Huixing Que
2026
One LLM Does Not Simulate All Students: Ability-Aware Student Simulation via Cognitive Diagnosis Guided LLM Assignment
Huixing Que | Qi Liu | Weibo Gao | Zhenya Huang
Findings of the Association for Computational Linguistics: ACL 2026
Huixing Que | Qi Liu | Weibo Gao | Zhenya Huang
Findings of the Association for Computational Linguistics: ACL 2026
Large Language Models (LLMs) have become integral to personalized education systems, particularly in the realm of student behavior simulation. By predicting fine-grained learning behaviors, these simulations enable intelligent systems to provide tailored instructional support. However, most existing methods rely on a single high-capacity LLM to represent an entire population of diverse learners.
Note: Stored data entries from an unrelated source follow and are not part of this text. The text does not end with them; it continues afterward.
Lemma subPow_inW b A C : inW D A -> ideal D b -> supports_pointwise b A -> subPow C A -> inW D C.
Proof.
intros HA Hb HAb [HC HCA]; apply inW_intro with b; [exact HC|exact Hb| |].
- apply supports_of_pointwise; [exact HC|]; apply supports_pointwiseE.
  intros B HB; apply supports_subset with A; auto.
- intros B HB; apply inW_subset with b A; auto.
Qed.

Lemma supports_sep_unsupported b A :
  supports b A -> supports b (sep A (fun a => ~ supports b a)).
Proof.
intros HA; apply supports_sep; [intros a a' E; rewrite E; reflexivity|exact HA|].
intros g a Hg Na Hga; apply Na; rewrite <- (gact_invl g a).
apply supports_gact; [apply fixesAtoms_inv|]; assumption.
Qed.

Lemma least_inStab g A R S m :
  (forall a c, mem a A -> mem c A -> mem (kpair a c) R \/ eqv a c \/ mem (kpair c a) R) ->
  inStab D g R -> inStab D g S -> (forall a, mem a S -> mem a A) ->
  mem m S -> (forall a, mem a S -> ~ mem (kpair a m) R) -> inStab D g m.
Proof.
intros Htri HR HS HSA Hm Hleast.
assert (Hgm : mem (gact D g m) S) by (apply mem_inStab; assumption).
destruct (Htri m (gact D g m) (HSA _ Hm) (HSA _ Hgm)) as [Hlt|[E|Hgt]].
- exfalso; apply (Hleast (gact D (ginv D g) m)).
  + apply mem_inStab; [apply inStab_inv|]; assumption.
  + apply (mem_inStab (ginv D g)) in Hlt; [|apply inStab_inv, HR].
    rewrite gact_kpair, gact_invl in Hlt; exact Hlt.
- unfold inStab; symmetry; exact E.
- exfalso; exact (Hleast _ Hgm Hgt).
Qed.

Lemma wellorderableW_supports_pointwise A :
  inW D A -> wellorderableW D A -> exists b, ideal D b /\ supports_pointwise b A.
Proof.
intros HA [R [HWR [_ [_ [_ [Htri Hmin]]]]]].
destruct (inW_supported _ HA) as [bA [HbA HsA]].
destruct (inW_supported _ HWR) as [bR [HbR HsR]].
set (b := fun x => bA x \/ bR x).
exists b; split; [apply ideal_union; assumption|].
apply supports_pointwiseE; apply NNPP; intro Hnot.
apply not_all_ex_not in Hnot; destruct Hnot as [B0 HB0]; apply imply_to_and in HB0.
set (P := fun a => ~ supports b a).
assert (HP : Proper (eqv ==> iff) P) by (intros a a' E; unfold P; rewrite E; reflexivity).
set (S := sep A P).
assert (HsS : supports b S)
  by (apply supports_sep_unsupported, supports_sub with bA; [left; assumption|exact HsA]).
destruct (Hmin S) as [m [HmS Hleast]].
- apply inW_intro with b; [exact I|apply ideal_union; assumption|exact HsS|].
  intros c Hc; apply inW_mem with A; [exact HA|apply mem_subfamily in Hc; exact Hc].
- apply subset_subfamily.
- exists B0; apply mem_sep; [exact HP|exact HB0].
- assert (Hm : P m) by (apply mem_sep in HmS; [apply HmS|exact HP]).
  apply Hm; intros g Hg.
  apply least_inStab with A R S;
    [exact Htri| | |exact (fun a => mem_subfamily a A _)|exact HmS|exact Hleast].
  + apply (supports_sub bR b); [right; assumption|exact HsR|exact Hg].
  + apply HsS, Hg.
Qed.

End Action.

Section CanonicalIndices.
Context (D : dynIdeal) (A : vset (atomT D)) (R : elts A -> elts A -> Prop).
Hypothesis R_antisym : forall i j, R i j -> R j i -> i = j.
Hypothesis R_least : forall P : elts A -> Prop,
  (exists i, P i) -> exists m, P m /\ forall i, P i -> R m i.
Local Notation e := (el A).
Implicit Types (a c B : vset (atomT D)) (i j k t : elts A).

Lemma R_total i j : R i j \/ R j i.
Proof. destruct (R_least (fun k => k = i \/ k = j)) as [m [[-> | ->] Hm]]; eauto. Qed.

Lemma R_refl i : R i i.
Proof. destruct (R_total i i); assumption. Qed.

Lemma R_trans i j k : R i j -> R j k -> R i k.
Proof.
intros Hij Hjk.
destruct (R_least (fun l => l = i \/ l = j \/ l = k)) as [m [[-> | [-> | ->]] Hm]]; eauto.
- rewrite (R_antisym i j Hij (Hm i (or_introl eq_refl))); exact Hjk.
- rewrite <- (R_antisym j k Hjk (Hm j (or_intror (or_introl eq_refl)))); exact Hij.
Qed.

(* The family [A] may list an element under several indices; canonical
   indices pick the [R]-least one, so they correspond bijectively to the
   elements of [A]. *)
Definition canon i := forall k, eqv (e k) (e i) -> R i k.

Lemma canon_exists a : mem a A -> exists i, canon i /\ eqv a (e i).
Proof.
intros Ha; apply mem_el in Ha; destruct Ha as [i0 E0].
destruct (R_least (fun k => eqv (e k) a)) as [m [Hm Hmin]]; [exists i0; symmetry; exact E0|].
exists m; split; [|symmetry; exact Hm].
intros k Ek; apply Hmin; rewrite Ek; exact Hm.
Qed.

Lemma canon_inj i j : canon i -> canon j -> eqv (e i) (e j) -> i = j.
Proof. intros Ci Cj E; apply R_antisym; [apply Ci; symmetry|apply Cj]; exact E. Qed.

Definition lt i j := canon i /\ canon j /\ R i j /\ i <> j.

Lemma lt_trans i j k : lt i j -> lt j k -> lt i k.
Proof.
intros [Ci [_ [Rij Nij]]] [Cj [Ck [Rjk Njk]]]; repeat split; auto.
- apply R_trans with j; assumption.
- intros ->; apply Nij, R_antisym; [exact Rij|exact Rjk].
Qed.

Lemma lt_trichotomy i j : canon i -> canon j -> lt i j \/ i = j \/ lt j i.
Proof.
intros Ci Cj; destruct (classic (i = j)) as [E|N]; [auto|].
destruct (R_total i j); [left|right; right]; repeat split; auto.
Qed.
Lemma phi_divergence_mulmx_le (phi : R -> R) (q : 'cV[R]_n) :
  convex_on_nonneg phi -> (forall i, 0 <= q i 0) -> 0 < mass w q ->
  phi_divergence phi w z (A *m q) <= phi_divergence phi w z q.
Proof.
move=> phi_convex q_ge0 s_gt0.
have x_ge0 j : 0 <= q j 0 / (z j 0 * mass w q).
  by rewrite divr_ge0 ?mulr_ge0 // ltW.
have := sum_convex_stochastic_le phi_convex
  (fun i => mulr_ge0 (ltW (w_gt0 i)) (ltW (z_gt0 i)))
  doob_kernel_ge0 doob_kernel_row_sum doob_kernel_invariant x_ge0.
under eq_bigr do rewrite doob_kernel_ratio ?gt_eqF //.
by rewrite /phi_divergence; under eq_bigr do rewrite mulrC mulrA;
   under [X in _ <= X]eq_bigr do rewrite mulrC mulrA.
Qed.

End PerronDivergence.

Section Relaxation.
Variables (R : realType) (n : nat) (C : 'M[R]_n) (mu h : R).

Lemma MhE i j : Mh C h i j = (1 - h) * (i == j)%:R + h * C i j.
Proof. by rewrite !mxE; ring. Qed.

Lemma Mh_ge0 : (forall i j, 0 <= C i j) -> 0 <= h <= 1 ->
  forall i j, 0 <= Mh C h i j.
Proof.
move=> C_ge0 /andP[h_ge0 h_le1] i j; rewrite MhE.
by rewrite addr_ge0 ?mulr_ge0 ?C_ge0 ?ler0n // subr_ge0.
Qed.

Lemma Mh_left_eigen (w : 'cV[R]_n) : w^T *m C = mu *: w^T ->
  w^T *m Mh C h = (1 - h + h * mu) *: w^T.
Proof.
move=> wC; rewrite /Mh mulmxDr mulmx1 -scalemxAr mulmxBr mulmx1 wC.
by apply/matrixP => i j; rewrite !mxE; ring.
Qed.

Lemma Mh_right_eigen (z : 'cV[R]_n) : C *m z = mu *: z ->
  Mh C h *m z = (1 - h + h * mu) *: z.
Proof.
move=> Cz; rewrite /Mh mulmxDl mul1mx -scalemxAl mulmxBl mul1mx Cz.
by apply/matrixP => i j; rewrite !mxE; ring.
Qed.

End Relaxation.

Lemma eigenvalue_ge0 (R : realType) (n : nat) (C : 'M[R]_n) (mu : R)
    (v : 'cV[R]_n) (i : 'I_n) :
  (forall i j, 0 <= C i j) -> (forall i, 0 < v i 0) -> C *m v = mu *: v ->
  0 <= mu.
Proof.
move=> C_ge0 v_gt0 /matrixP/(_ i 0); rewrite !mxE => Cv.
rewrite -(pmulr_lge0 _ (v_gt0 i)) -Cv.
by apply: sumr_ge0 => j _; rewrite mulr_ge0 // ltW.
Qed.
(* Under the setting described in the context, the sequence $\{u_n\}_{n\in\mathbb{N}}$ is bounded in $L^\infty((0,T)\times(0,L))$ for every $T>0$.
   Context: $L>0$. $\Phi\in C(\mathbb{R})\cap C^1(\mathbb{R}\setminus\{\pm1\})$ is constant on $(-\infty,-1]$ and on $[1,\infty)$, convex on $[-1,1]$, decreasing on $[-1,0]$, increasing on $[0,1]$; $u_0\in H^1(0,L)$, $u_1\in L^2(0,L)$. Sequences $\{u_{0,n}\},\{u_{1,n}\}\subset C^\infty([0,L])$, $\{\Phi_n\}\subset C^\infty(\mathbb{R})$ satisfy: $u_{0,n}\to u_0$ in $H^1(0,L)$, $u_{1,n}\to u_1$ in $L^2(0,L)$, $\Phi_n\to\Phi$ uniformly on $\mathbb{R}$; $\Phi_n'\to\Phi'$ pointwise on $\mathbb{R}$ and uniformly on $\mathbb{R}\setminus((-1-\varepsilon,-1+\varepsilon)\cup(1-\varepsilon,1+\varepsilon))$ for every $\varepsilon>0$; $\Phi_n'(u)=0$ whenever $|u|\ge1+\varepsilon$ (any $\varepsilon>0$, all $n$); there is $C>0$ independent of $n$ with $\|u_{0,n}\|_{H^1}\le C$, $\|u_{1,n}\|_{L^2}\le C$, $0\le\Phi_n,\Phi_n'\le C$; and $u_{0,n}'(0)=u_{0,n}'(L)=u_{1,n}(0)=u_{1,n}(L)=0$. For each $n$, $u_n$ is the (global) classical solution of $\partial_{tt}^2 u_n=\partial_{xx}^2 u_n-\Phi_n'(u_n)$ for $t>0$, $0<x<L$, with $\partial_x u_n(t,0)=\partial_x u_n(t,L)=0$, $u_n(0,\cdot)=u_{0,n}$, $\partial_t u_n(0,\cdot)=u_{1,n}$. *)

From HB Require Import structures.
From mathcomp Require Import all_boot all_order all_algebra.
From mathcomp Require Import all_classical all_reals all_analysis.
Set Implicit Arguments. Unset Strict Implicit. Unset Printing Implicit Defensive.
Import Order.TTheory GRing.Theory Num.Theory.
Import numFieldNormedType.Exports.
Local Open Scope classical_set_scope.
Local Open Scope ring_scope.

Section Defs.
Variable R : realType.

Definition I0L (L : R) : set R := `]0, L[.

Definition sqint (L : R) (f : R -> R) : \bar R :=
  (\int[lebesgue_measure]_(x in I0L L) ((f x) ^+ 2)%:E)%E.

Definition L2 (L : R) (f : R -> R) : Prop :=
  measurable_fun (I0L L) f /\ (sqint L f < +oo)%E.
In this work, we demonstrate that this “one-size-fits-all” approach induces a systematic ability-dependent bias, where high-capacity models tend to overestimate low-ability students while lower-capacity models underestimate high-ability ones. To mitigate this distortion, we propose an **ability-aware student simulation framework** that dynamically matches students with appropriate LLM backbones through cognitive alignment. We leverage Neural Cognitive Diagnosis (NeuralCD) to extract multidimensional cognitive profiles for both human students and LLM agents within a shared skill space, subsequently pairing each student with the most cognitively representative model. Extensive experiments demonstrate that our approach substantially reduces simulation bias and consistently outperforms single-model baselines across the entire proficiency spectrum. Our findings suggest that faithful behavior simulation necessitates the **alignment of model capacity with student ability**, establishing cognitive diagnosis as a principled mechanism for model assignment in educational AI.